The corrective patterns all share one principle: reduce the number of approvals a human must make so that the ones remaining get genuine attention.

Calibrate your Approval Policy. If you’re approving the same low-risk action for the fiftieth time, it shouldn’t require approval. Move it to the autonomous tier. Reserve approval gates for actions where the cost of a mistake actually justifies the interruption. A well-tuned policy might require approval for ten actions per session instead of a hundred. Ten is a number a human can evaluate honestly.

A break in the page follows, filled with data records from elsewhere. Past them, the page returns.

(* For every $n\in\mathbb{N}$, $\beta>0$, $\lambda$ with $n>\lambda\ge 2\log\frac{2}{\beta}$, and $x\in\{0,1\}^n$, \[ \Pr\left[\left|P_{n,\lambda}(x)-\sum_{i=1}^n x_i\right|>\sqrt{2\lambda\log(2/\beta)}\cdot\frac{n}{n-\lambda}\right]\le\beta. \]
   Context: $P_{n,\lambda}(x)$ denotes the output of the bit-sum protocol: each of $n$ users with $x_i\in\{0,1\}$ independently draws $b\sim\mathrm{Ber}(\lambda/n)$ and sends $y_i=x_i$ if $b=0$ and a fresh $\mathrm{Ber}(1/2)$ bit if $b=1$; the messages are shuffled uniformly at random; the analyzer outputs $\frac{n}{n-\lambda}\left(\sum_{i=1}^n y_i-\frac{\lambda}{2}\right)$. $\log$ is the natural logarithm. *)

From HB Require Import structures.
From mathcomp Require Import all_boot all_order all_algebra all_fingroup.
From mathcomp Require Import all_classical all_reals all_analysis.
Set Implicit Arguments. Unset Strict Implicit. Unset Printing Implicit Defensive.
Import Order.TTheory GRing.Theory Num.Theory.
Local Open Scope ring_scope.

Section BitSum.
Variable R : realType.

Definition ber (p : R) (b : bool) : R := if b then p else 1 - p.

(* Per-user randomness: (b, c) with b ~ Ber(lambda/n) and c ~ Ber(1/2) the
   fresh bit; the shuffle is a uniformly random permutation of 'I_n. *)
Definition outcome (n : nat) : finType :=
  ({ffun 'I_n -> bool * bool} * {perm 'I_n})%type.

Definition weight (n : nat) (lambda : R) (w : outcome n) : R :=
  (\prod_(i < n) (ber (lambda / n%:R) (w.1 i).1 * ber (1/2) (w.1 i).2))
  * (#|{perm 'I_n}|%:R)^-1.

Definition message (n : nat) (x : 'I_n -> bool) (w : outcome n) (i : 'I_n)
  : bool := if (w.1 i).1 then (w.1 i).2 else x i.

Definition shuffled (n : nat) (x : 'I_n -> bool) (w : outcome n) (j : 'I_n)
  : bool := message x w (w.2 j).

Definition bitsum_output (n : nat) (lambda : R) (x : 'I_n -> bool)
  (w : outcome n) : R :=
  n%:R / (n%:R - lambda) *
  ((\sum_(j < n) ((shuffled x w j : nat)%:R)) - lambda / 2).

Definition prob (n : nat) (lambda : R) (E : pred (outcome n)) : R :=
  \sum_(w : outcome n | E w) weight lambda w.

End BitSum.

From HB Require Import structures.
From mathcomp Require Import all_boot all_order all_algebra all_fingroup.
From mathcomp Require Import all_classical all_reals all_analysis.
From mathcomp Require Import ring lra.

(* Shuffling does not change the sum of the messages, so the error of the
   analyzer is [n / (n - lambda)] times [D = sum_i (y_i - E y_i)], a sum of
   independent centred variables, each of the form [+-(B - q)] with
   [B ~ Ber(q)] and [q = lambda / 2n].  From [e^s <= 1 + s + s^2] on [[-1, 1]]
   each has moment generating function at most [e^(q s^2)], hence
   [E e^(sD) <= e^(lambda s^2 / 2)] for [|s| <= 1].  The two-sided Chernoff
   bound at [r = sqrt (2 ln(2/beta) / lambda)], which is at most [1] by the
   hypothesis on [lambda], gives
   [P(|D| > sqrt (2 lambda ln(2/beta))) <= 2 e^(-ln(2/beta)) = beta]. *)

Set Implicit Arguments.
Unset Strict Implicit.
Unset Printing Implicit Defensive.
Import Order.TTheory GRing.Theory Num.Theory.
Local Open Scope ring_scope.

Section RealInequalities.
Variable R : realType.

Lemma expR_1BxDx2_ge1 (t : R) : -1 <= t <= 0 -> 1 <= expR t * (1 - t + t ^+ 2).
Proof.
move=> /andP[t_ge t_le].
pose k (u : R) := expR u * (1 - u + u ^+ 2).
have k_derive (u : R) : is_derive u 1 k (expR u * (u * (1 + u))).
  by apply: is_derive_eq; rewrite /GRing.scale /= !mulr1; lra.
have : k 0 <= k t.
  apply: (@ler0_derive1_nincr R k (-1) 0) => //.
  - move=> u; rewrite in_itv /= => /andP[u_gt u_lt].
    by rewrite derive1E derive_val pmulr_rle0 ?expR_gt0 //; nra.
  - by apply: derivable_within_continuous => u _; exact: ex_derive.
by rewrite /k expR0 mul1r expr0n /= subr0 addr0.
Qed.

Lemma expR_le1DxDx2 (s : R) : -1 <= s <= 1 -> expR s <= 1 + s + s ^+ 2.
Proof.
move=> /andP[s_ge s_le].
have expR_inv : expR s * expR (- s) = 1 by rewrite expRxMexpNx_1.
have := expR_gt0 s; have [s_ge0|s_lt0] := leP 0 s => expR_pos.
  have := @expR_1BxDx2_ge1 (- s); rewrite sqrrN opprK.
  move=> /(_ ltac:(lra)) /(ler_wpM2l (ltW expR_pos)).
  by rewrite mulr1 mulrA expR_inv mul1r.
(* [e^s <= 1 / (1 - s) <= 1 + s + s^2] for [s <= 0] *)
have := expR_ge1Dx (- s); nra.
Qed.

Lemma centered_bernoulli_mgf_le (q s : R) : 0 <= q <= 1 -> -1 <= s <= 1 ->
  q * expR (s * (1 - q)) + (1 - q) * expR (- (s * q)) <= expR (q * s ^+ 2).
Proof.
move=> /andP[q_ge0 q_le1] s_bound.
have -> : q * expR (s * (1 - q)) + (1 - q) * expR (- (s * q))
          = expR (- (s * q)) * (1 + q * (expR s - 1)).
  by rewrite mulrBr mulr1 expRB expRN; field; rewrite expR_eq0.
apply: le_trans (_ : expR (- (s * q)) * expR (q * (expR s - 1)) <= _).
  by rewrite ler_wpM2l ?expR_ge0 // expR_ge1Dx.
rewrite -expRD ler_expR.
have := @expR_le1DxDx2 s s_bound.
rewrite -subr_ge0 => /(mulr_ge0 q_ge0); lra.
Qed.

Lemma expR_le_lt_norm (r t d : R) : 0 <= r -> t < `|d| ->
  expR (r * t) <= expR (r * d) + expR (- r * d).
Proof.
move=> r_ge0 /ltW t_le; apply: (@le_trans _ _ (expR (r * `|d|))).
  by rewrite ler_expR ler_wpM2l.
have := expR_ge0 (r * d); have := expR_ge0 (- r * d).
by case: (ler0P d) => _; rewrite ?mulrN ?mulNr ?opprK; lra.
Qed.

Lemma chernoff_rate (lambda L : R) : 0 < L -> 2 * L <= lambda ->
  exists2 r : R, 0 <= r <= 1 &
    lambda / 2 * r ^+ 2 - r * Num.sqrt (2 * lambda * L) = - L.
Proof.
move=> L_gt0 L_le; have lambda_gt0 : 0 < lambda by lra.
have ratio_ge0 : 0 <= 2 * L / lambda by rewrite divr_ge0 //; lra.
exists (Num.sqrt (2 * L / lambda)).
  by rewrite sqrtr_ge0 /= -[X in _ <= X]sqrtr1 ler_sqrt ?ler01 // ler_pdivrMr // mul1r.
rewrite sqr_sqrtr // -sqrtrM //.
have -> : 2 * L / lambda * (2 * lambda * L) = (2 * L) ^+ 2 by field; rewrite gt_eqF.
by rewrite sqrtr_sqr ger0_norm; [field; rewrite gt_eqF | lra].
Qed.
End RealInequalities.

Section BitSumDeviation.
Variable R : realType.

(* A user's message minus its mean, as a function of the user's coins [v = (b, c)]. *)
Definition msg_dev (p : R) (xi : bool) (v : bool * bool) : R :=
  ((if v.1 then v.2 else xi) : nat)%:R - (p / 2 + (1 - p) * (xi : nat)%:R).

Lemma sum_ber_msg (p : R) (xi : bool) (f : bool -> R) :
  \sum_(v : bool * bool) ber p v.1 * ber (1 / 2) v.2 * f (if v.1 then v.2 else xi)
  = p / 2 * f (~~ xi) + (1 - p / 2) * f xi.
Proof.
rewrite -(pair_bigA _ (fun b c => ber p b * ber (1 / 2) c * f (if b then c else xi))).
by rewrite /= !big_bool /=; case: xi => /=; field.
Qed.

Lemma msg_dev_mgf_le (p s : R) (xi : bool) : 0 <= p <= 1 -> -1 <= s <= 1 ->
  \sum_(v : bool * bool) ber p v.1 * ber (1 / 2) v.2 * expR (s * msg_dev p xi v)
  <= expR (p / 2 * s ^+ 2).
Proof.
move=> p_bound s_bound.
rewrite (sum_ber_msg p xi (fun y : bool => expR (s * (y%:R - (p / 2 + (1 - p) * xi%:R))))).
have q_bound : 0 <= p / 2 <= 1 by lra.
case: xi => /=; rewrite ?mulr0n ?mulr1n ?mulr0 ?mulr1 ?addr0.
- (* [x_i = 1]: the message is [0] with probability [p / 2], a centred Bernoulli at [-s] *)
  rewrite (_ : s * (0 - _) = - s * (1 - p / 2)); last by field.
  rewrite (_ : s * (1 - _) = - (- s * (p / 2))); last by field.
  by rewrite -(sqrrN s) centered_bernoulli_mgf_le //; lra.
- rewrite (_ : s * (0 - _) = - (s * (p / 2))); last by field.
  exact: centered_bernoulli_mgf_le.
Qed.

Variables (n : nat) (lambda : R) (x : 'I_n -> bool).
Hypotheses (lambda_ge0 : 0 <= lambda) (lambda_lt_n : lambda < n%:R).

Let n_gt0 : (0 < n%:R :> R). Proof. exact: le_lt_trans lambda_lt_n. Qed.

Let p_bound : 0 <= lambda / n%:R <= 1.
Proof. by rewrite divr_ge0 ?ler_pdivrMr // ?mul1r ?(ltW n_gt0) ?(ltW lambda_lt_n). Qed.

Let ber_ge0 (q : R) b : 0 <= q <= 1 -> 0 <= ber q b.
Proof. by case: b => /=; lra. Qed.

Definition dev_sum (g : {ffun 'I_n -> bool * bool}) : R :=
  \sum_(i < n) msg_dev (lambda / n%:R) (x i) (g i).

Lemma weight_ge0 (w : outcome n) : 0 <= weight lambda w.
Proof.
rewrite mulr_ge0 ?invr_ge0 ?ler0n // prodr_ge0 // => i _.
by rewrite mulr_ge0 ?ber_ge0 //; lra.
Qed.

Lemma sum_weight_ffun (F : {ffun 'I_n -> bool * bool} -> R) :
  \sum_(w : outcome n) weight lambda w * F w.1 =
  \sum_(g : {ffun 'I_n -> bool * bool})
     (\prod_(i < n) (ber (lambda / n%:R) (g i).1 * ber (1 / 2) (g i).2)) * F g.
Proof.
rewrite -(pair_bigA _ (fun g s => weight lambda (g, s) * F g)) /=.
apply: eq_bigr => g _.
under eq_bigr => s _ do rewrite /weight /=.
rewrite sumr_const card_Sn; field.
by rewrite pnatr_eq0 -lt0n fact_gt0.
Qed.

Lemma dev_sum_mgf_le (s : R) : -1 <= s <= 1 ->
  \sum_(w : outcome n) weight lambda w * expR (s * dev_sum w.1)
  <= expR (lambda / 2 * s ^+ 2).
Proof.
move=> s_bound.
rewrite (sum_weight_ffun (fun g => expR (s * dev_sum g))).
under eq_bigr do rewrite /dev_sum mulr_sumr expR_sum -big_split /=.
(* independence of the users: the expectation of the product factorizes *)
rewrite -(bigA_distr_bigA (fun i v => ber (lambda / n%:R) v.1 * ber (1 / 2) v.2
                                     * expR (s * msg_dev (lambda / n%:R) (x i) v))) /=.
apply: (@le_trans _ _ (\prod_(i < n) expR (lambda / n%:R / 2 * s ^+ 2))).
  apply: ler_prod => i _; rewrite msg_dev_mgf_le // andbT.
  by apply: sumr_ge0 => v _; rewrite !mulr_ge0 ?expR_ge0 ?ber_ge0 //; lra.
rewrite prodr_const card_ord -expRM_natl.
have -> : n%:R * (lambda / n%:R / 2 * s ^+ 2) = lambda / 2 * s ^+ 2.
  by field; rewrite gt_eqF.
by [].
Qed.

Lemma bitsum_output_dev (w : outcome n) :
  bitsum_output lambda x w - \sum_(i < n) ((x i : nat)%:R) =
  n%:R / (n%:R - lambda) * dev_sum w.1.
Proof.
have sum_shuffled : \sum_(j < n) ((shuffled x w j : nat)%:R : R) =
                    \sum_(i < n) ((message x w i : nat)%:R : R).
  by rewrite [RHS](reindex_inj (@perm_inj _ w.2)).
rewrite /bitsum_output sum_shuffled /dev_sum /msg_dev sumrB big_split /=.
rewrite sumr_const card_ord -mulr_sumr.
by field; rewrite subr_eq0 !gt_eqF.
Qed.

Lemma prob_dev_sum_gt_le (r t : R) : 0 <= r <= 1 ->
  prob lambda (fun w : outcome n => t < `|dev_sum w.1|)
  <= 2 * expR (lambda / 2 * r ^+ 2 - r * t).
Proof.
move=> /andP[r_ge0 r_le1].
pose mgf s := \sum_(w : outcome n) weight lambda w * expR (s * dev_sum w.1).
have markov_pointwise (w : outcome n) :
    (if t < `|dev_sum w.1| then weight lambda w else 0)
    <= weight lambda w * (expR (- (r * t))
                          * (expR (r * dev_sum w.1) + expR (- r * dev_sum w.1))).
  case: ifP => [t_lt|_].
    rewrite -[X in X <= _]mulr1 ler_wpM2l ?weight_ge0 //.
    rewrite -(expRxMexpNx_1 (r * t)) mulrC ler_wpM2l ?expR_ge0 //.
    exact: expR_le_lt_norm.
  by rewrite mulr_ge0 ?weight_ge0 // mulr_ge0 ?expR_ge0 // addr_ge0 ?expR_ge0.
apply: le_trans (_ : expR (- (r * t)) * (mgf r + mgf (- r)) <= _).
  rewrite /prob big_mkcond /=; apply: le_trans (ler_sum _ (fun w _ => markov_pointwise w)) _.
  by under eq_bigr do rewrite mulrCA mulrDr; rewrite -mulr_sumr big_split.
have -> : 2 * expR (lambda / 2 * r ^+ 2 - r * t) = expR (- (r * t)) *
    (expR (lambda / 2 * r ^+ 2) + expR (lambda / 2 * (- r) ^+ 2)).
  by rewrite sqrrN expRD; ring.
by rewrite ler_wpM2l ?expR_ge0 // lerD // dev_sum_mgf_le //; lra.
Qed.

End BitSumDeviation.

Theorem theorem4p11 (R : realType) (n : nat) (beta lambda : R)
  (x : 'I_n -> bool) :
  0 < beta -> 0 <= lambda -> lambda < n%:R ->
  2 * ln (2 / beta) <= lambda ->
  prob lambda (fun w : outcome n =>
    Num.sqrt (2 * lambda * ln (2 / beta)) * (n%:R / (n%:R - lambda))
    < `| bitsum_output lambda x w - \sum_(i < n) ((x i : nat)%:R) |)
  <= beta.
Proof.
move=> beta_gt0 lambda_ge0 lambda_lt_n rate_le.
set t := Num.sqrt _; set c := n%:R / _.
have c_gt0 : 0 < c by rewrite divr_gt0 ?subr_gt0 // (le_lt_trans lambda_ge0).
have -> : prob lambda (fun w => t * c < `|bitsum_output lambda x w - \sum_(i < n) (x i : nat)%:R|)
        = prob lambda (fun w => t < `|dev_sum lambda x w.1|).
  apply: eq_bigl => w.
  by rewrite bitsum_output_dev // normrM (gtr0_norm c_gt0) (mulrC c) ltr_pM2r.
have [L_le0|L_gt0] := lerP (ln (2 / beta)) 0.
  have r0_bound : 0 <= (0 : R) <= 1 by lra.
  apply: le_trans (prob_dev_sum_gt_le x lambda_ge0 lambda_lt_n t r0_bound) _.
  rewrite expr0n mulr0 mul0r subr0 expR0 mulr1.
  have : expR (ln (2 / beta)) <= 1 by rewrite expR_le1.
  by rewrite lnK ?posrE ?divr_gt0 // ler_pdivrMr // mul1r.
have [r r_bound exponent] := chernoff_rate L_gt0 rate_le.
apply: le_trans (prob_dev_sum_gt_le x lambda_ge0 lambda_lt_n t r_bound) _.
by rewrite /t exponent expRN lnK ?posrE ?divr_gt0 // invf_div; lra.
Qed.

Widen the agent’s Bounded Autonomy. The more precisely you define what an agent can do safely on its own, the fewer times it needs to ask. Autonomy boundaries based on action type, reversibility, and blast radius are more effective than blanket “ask me about everything” policies. They reduce volume without reducing safety.

Batch approvals through a Steering Loop. Instead of approving each action individually, let the agent complete a logical unit of work, then review the batch. Reviewing a coherent diff of twenty changes is more effective than reviewing twenty individual prompts, because you can see the changes in context and spot problems that aren’t visible at the single-action level.

Supplement human review with Evals. Automated checks catch entire categories of error that a fatigued human will miss: test failures, lint violations, type errors, security policy breaches. The more your tooling catches mechanically, the less your human review needs to cover, and the more you can focus your attention on the judgment calls that only a human can make.

Tip

If you notice yourself approving without reading, that’s not a discipline problem. It’s a signal that your approval policy needs recalibration. The fix isn’t “pay more attention.” The fix is fewer, higher-stakes approval gates.

How It Plays Out

A developer configures her agent with a strict approval policy: every file write, every shell command, every git operation requires confirmation. The first morning, she reviews each action carefully. By afternoon, the agent has prompted her 73 times. She’s approving shell commands mid-sentence in a Slack conversation, glancing at the first line of each diff and hitting enter. On approval number 68, the agent runs a database migration script against the staging environment instead of the dev environment. She approved it. The command was right there in the prompt, but she’d stopped reading prompts an hour ago. The staging data takes two hours to restore.

A team running parallel agents across worktree isolation takes a different approach. Each agent operates autonomously within its worktree: reading, writing, testing, iterating. The only approval gate is the pull request. A human reviews the final diff, not the hundred intermediate steps that produced it. The review load is four or five PRs per day instead of hundreds of individual actions. Each PR gets ten minutes of genuine attention. The team catches more bugs in review than they did under the old approve-everything model, because the reviewers aren’t exhausted.

  • Prevented by: Approval Policy – a well-calibrated policy reduces approval volume to a level humans can sustain.
  • Prevented by: Bounded Autonomy – precise autonomy boundaries eliminate unnecessary approval gates.
  • Degrades: Human in the Loop – fatigue turns meaningful human oversight into reflexive rubber-stamping.
  • Mitigated by: Eval – automated evaluation catches errors that fatigued reviewers miss.
  • Mitigated by: Steering Loop – batching reviews into coherent units reduces prompt count and improves review quality.

Sources

Franklin et al. identified approval fatigue as a human-in-the-loop trap in “AI Agent Traps” (Google DeepMind, 2025), documenting how high-volume approval requests degrade oversight quality in agentic systems.

Goddard, Roudsari, and Wyatt studied automation bias in clinical decision support systems (2012), establishing the broader cognitive pattern: when humans interact with automated systems that are usually correct, they stop independently verifying outputs.